Not sure how this would work, e.g. peer review for each small thing could be cumbersome.

@Gerard @zuphilip and it breaks citations that are not to specific versions.

And if this becomes the norm, the culture changes. If you can make updates later it’s less of a problem to jump to potentially wrong conclusions now and update later.

@tomkalei @Gerard 1) I think that such living articles/books are an exception. 2) Just changing the format to HTML will not create more living publications. 3) Citations to printed books w/o mentioning the specific edition is similar bad. 4) I doubt that anyone creates wrong hypothesis on purpose to change later. 5) All published version will stay visible and therefore also any mistakes in early versions. 6) I hope that fixing errors is already part our culture also in research.
@zuphilip @tomkalei In response to 4: Peer review should be a extra check in that regard. 6: Agreed. But updates are not, and this is something that bothers me.
@Gerard @tomkalei This sounds very much like "living handbooks" and there are examples in life sciences, see e.g. https://www.publisso.de/en/publishing/books/books-policy .
Books Policy

Books Policy - Publishing your own handbook with the open acces publishing platform Living Handbooks from Publisso.

ZB MED - Informationszentrum Lebenswissenschaften

@tomkalei @zuphilip At the same time, hypertext has been known to be superior for information presentation essentially since it was created.

The move to PDF was a regression in most aspects save portability/consistency (math display in most hypertext types is still not properly standardized & implemented in renderers).

However, I think it should be *exclusively* hypertext. Not Javascript/arbitrary-code nonsense (we should not be facilitating information as attack tools).
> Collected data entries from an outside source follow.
Lemma digit_constraints_holds e n :
  qf_holds e (digit_constraints n) <->
  forall m, (m < n)%nat -> e (2 + m)%nat = 0 \/ e (2 + m)%nat = e 1%nat.
Proof.
  induction n as [|n IH]; cbn [digit_constraints qf_holds].
  - cbn. split; intros; lia.
  - rewrite IH, !QEq0_holds. unfold eval_term. cbn [fold_right fst snd]. split.
    + intros [Hn Hlt] m Hm. destruct (Nat.eq_dec m n) as [->|]; [lia | apply Hlt; lia].
    + intros H. split; [specialize (H n ltac:(lia)); lia | intros; apply H; lia].
Qed.

Lemma binary_sum_of_digits g y n :
  (forall m, (m < n)%nat -> g m = 0 \/ g m = y) ->
  exists s, 0 <= s < 2 ^ Z.of_nat n /\ binary_sum g n = s * y.
Proof.
  induction n as [|n IH]; intros Hg; cbn [binary_sum].
  - exists 0. cbn. lia.
  - destruct IH as [s [Hs ->]]; [intros; apply Hg; lia|].
    rewrite Nat2Z.inj_succ, Z.pow_succ_r by lia.
    destruct (Hg n ltac:(lia)) as [-> | ->].
    + exists s. lia.
    + exists (s + 2 ^ Z.of_nat n). split; [lia | ring].
Qed.

Lemma mod_pow2_succ s n : 0 <= n ->
  s mod 2 ^ Z.succ n = s mod 2 ^ n + 2 ^ n * ((s / 2 ^ n) mod 2).
Proof.
  intros Hn. assert (0 < 2 ^ n) by (apply Z.pow_pos_nonneg; lia).
  rewrite Z.pow_succ_r, (Z.mul_comm 2) by lia. apply Z.rem_mul_r; lia.
Qed.

Lemma binary_sum_binary_digits s y n :
  binary_sum (fun m => (s / 2 ^ Z.of_nat m) mod 2 * y) n = s mod 2 ^ Z.of_nat n * y.
Proof.
  induction n as [|n IH]; cbn [binary_sum].
  - rewrite Z.mod_1_r. ring.
  - rewrite IH, Nat2Z.inj_succ, mod_pow2_succ by lia. ring.
Qed.

Definition window_multiple (n : nat) (z : Z) : Prop :=
  exists k y, 2 ^ Z.of_nat n <= k < 2 * 2 ^ Z.of_nat n /\ z = k * y.

Lemma window_formula_set n z : ex_set (window_formula n) z <-> window_multiple n z.
Proof.
  unfold ex_set, window_multiple. cbn [window_formula ex_body qf_holds].
  setoid_rewrite QEq0_holds. setoid_rewrite eval_window_term.
  setoid_rewrite digit_constraints_holds. cbn [Nat.add]. split.
  - intros [u [Hx Hdig]].
    destruct (binary_sum_of_digits _ _ n Hdig) as [s [Hs Hsum]].
    exists (2 ^ Z.of_nat n + s), (u 0%nat). split; lia.
  - intros [k [y [Hk ->]]].
    set (s := k - 2 ^ Z.of_nat n).
    exists (fun j => match j with O => y | S m => (s / 2 ^ Z.of_nat m) mod 2 * y end). split.
    + rewrite binary_sum_binary_digits, Z.mod_small by lia. unfold s. ring.
    + intros m _. assert (Hbit := Z.mod_pos_bound (s / 2 ^ Z.of_nat m) 2 ltac:(lia)).
      destruct (Z.eq_dec ((s / 2 ^ Z.of_nat m) mod 2) 0) as [->|Hb]; [left; ring | right].
      replace ((s / 2 ^ Z.of_nat m) mod 2) with 1 by lia. ring.
Qed.

Lemma zbits_opp a : zbits (- a) = zbits a.
Proof. unfold zbits. now rewrite Z.abs_opp. Qed.

Lemma zbits_pow2 m : zbits (2 ^ Z.of_nat m) = (m + 2)%nat.
Proof.
  unfold zbits. rewrite Z.abs_eq by (apply Z.pow_nonneg; lia).
  rewrite Z.log2_pow2, Nat2Z.id by lia. lia.
Qed.

Lemma term_size_lneg t : term_size (lneg t) = term_size t.
Proof.
  unfold term_size, lneg.
  induction t as [|p t IH]; cbn [map fold_right fst]; [|rewrite zbits_opp]; lia.
Qed.

Lemma qf_size_QEq0 t : qf_size (QEq0 t) = (2 * term_size t + 7)%nat.
Proof.
  cbn [QEq0 qf_size atom_size]. rewrite term_size_lneg. change (zbits 0) with 2%nat. lia.
Qed.

Lemma term_size_digit_term n : (term_size (digit_term n) <= n * (n + 4) + 1)%nat.
Proof.
  unfold term_size. induction n as [|n IH]; cbn [digit_term fold_right fst]; [lia|].
  rewrite zbits_pow2. lia.
Qed.

Lemma qf_size_digit_constraints n : qf_size (digit_constraints n) = (44 * n + 4)%nat.
Proof.
  induction n as [|n IH]; [reflexivity|].
  cbn [digit_constraints qf_size]. rewrite !qf_size_QEq0, IH. cbn [term_size fold_right fst].
  change (zbits 1) with 2%nat; change (zbits (-1)) with 2%nat. lia.
Qed.

Lemma ex_size_window_formula n :
  (1 <= n)%nat -> (ex_size (window_formula n) <= 100 * n * n)%nat.
Proof.
  intros Hn. unfold ex_size, window_formula. cbn [ex_nvars ex_body qf_size].
  rewrite qf_size_QEq0, qf_size_digit_constraints.
  assert (Hd := term_size_digit_term n).
  unfold window_term, term_size in *. cbn [fold_right fst]. rewrite zbits_pow2.
  change (zbits (-1)) with 2%nat. nia.
Qed.

Lemma qf_vars_QEq0 t : qf_vars (QEq0 t) = map snd t ++ map snd t.
Proof. cbn. unfold lneg. rewrite map_map. reflexivity. Qed.

Lemma digit_term_vars n v : In v (map snd (digit_term n)) -> (2 <= v <= S n)%nat.
Proof. induction n as [|n IH]; cbn; [tauto|]. intros [<- | H]; [lia | specialize (IH H); lia]. Qed.

Lemma digit_constraints_vars n v : In v (qf_vars (digit_constraints n)) -> (v <= S n)%nat.
Proof.
  induction n as [|n IH]; cbn [digit_constraints qf_vars]; [cbn; tauto|].
  rewrite !qf_vars_QEq0, !in_app_iff. cbn.
  intros [[H | H] | H]; [lia | lia | specialize (IH H); lia].
Qed.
@tomkalei @zuphilip Having a supplementary computational notebook attached/accompanying the hypertext paper would be an adequate compromise if interaction & interactive recomputation are desirable.
@tomkalei Probably submissions would then not be any HTML website, but ones following a predefined template or more common some Markdown file from where the HTML can be generated. ArXiv is generating the HTML files from the LaTeX files.
@tomkalei TBH I've wondered if half of the problems with reading pdfs on mobile could be solved just by setting the page size to A5 and sticking to single column. If you want to print it does 2 to a side easily and it's way more legible on a screen.
@tomkalei this is great news! They should always degrade gracefully to html

@tomkalei @brembs @lambo

Interesting! Something like this already exists with ar5iv: take the link for any arXiv paper (older than a few months), change "arxiv.org" to "ar5iv.org" and get an HTML5 version. It's not perfect but I've found useful enough for reading stuff on my phone. e.g.

https://ar5iv.org/abs/2109.12132

My background is astronomy, where the publishers will probably limit PDF content to traditional things for some time yet.

Detecting Biosignatures in the Atmospheres of Gas Dwarf Planets with the James Webb Space Telescope

Exoplanets with radii between those of Earth and Neptune have stronger surface gravity than Earth, and can retain a sizable hydrogen-dominated atmosphere. In contrast to gas giant planets, we call these planets gas dwa…

ar5iv
@tomkalei @brembs @lambo GENIUS and IT'S ABOUT TIME. All things everywhere need to do this.
Exciting news for this blind scientist!

@tomkalei @brembs @lambo

HTML is of course preferable to PDF for many reasons, as long as the papers print well. Interactive reading is best done on paper with pen in hand.

@tomkalei @brembs @lambo And HTML, unlike PDF, would also allow folks to print papers any way they want.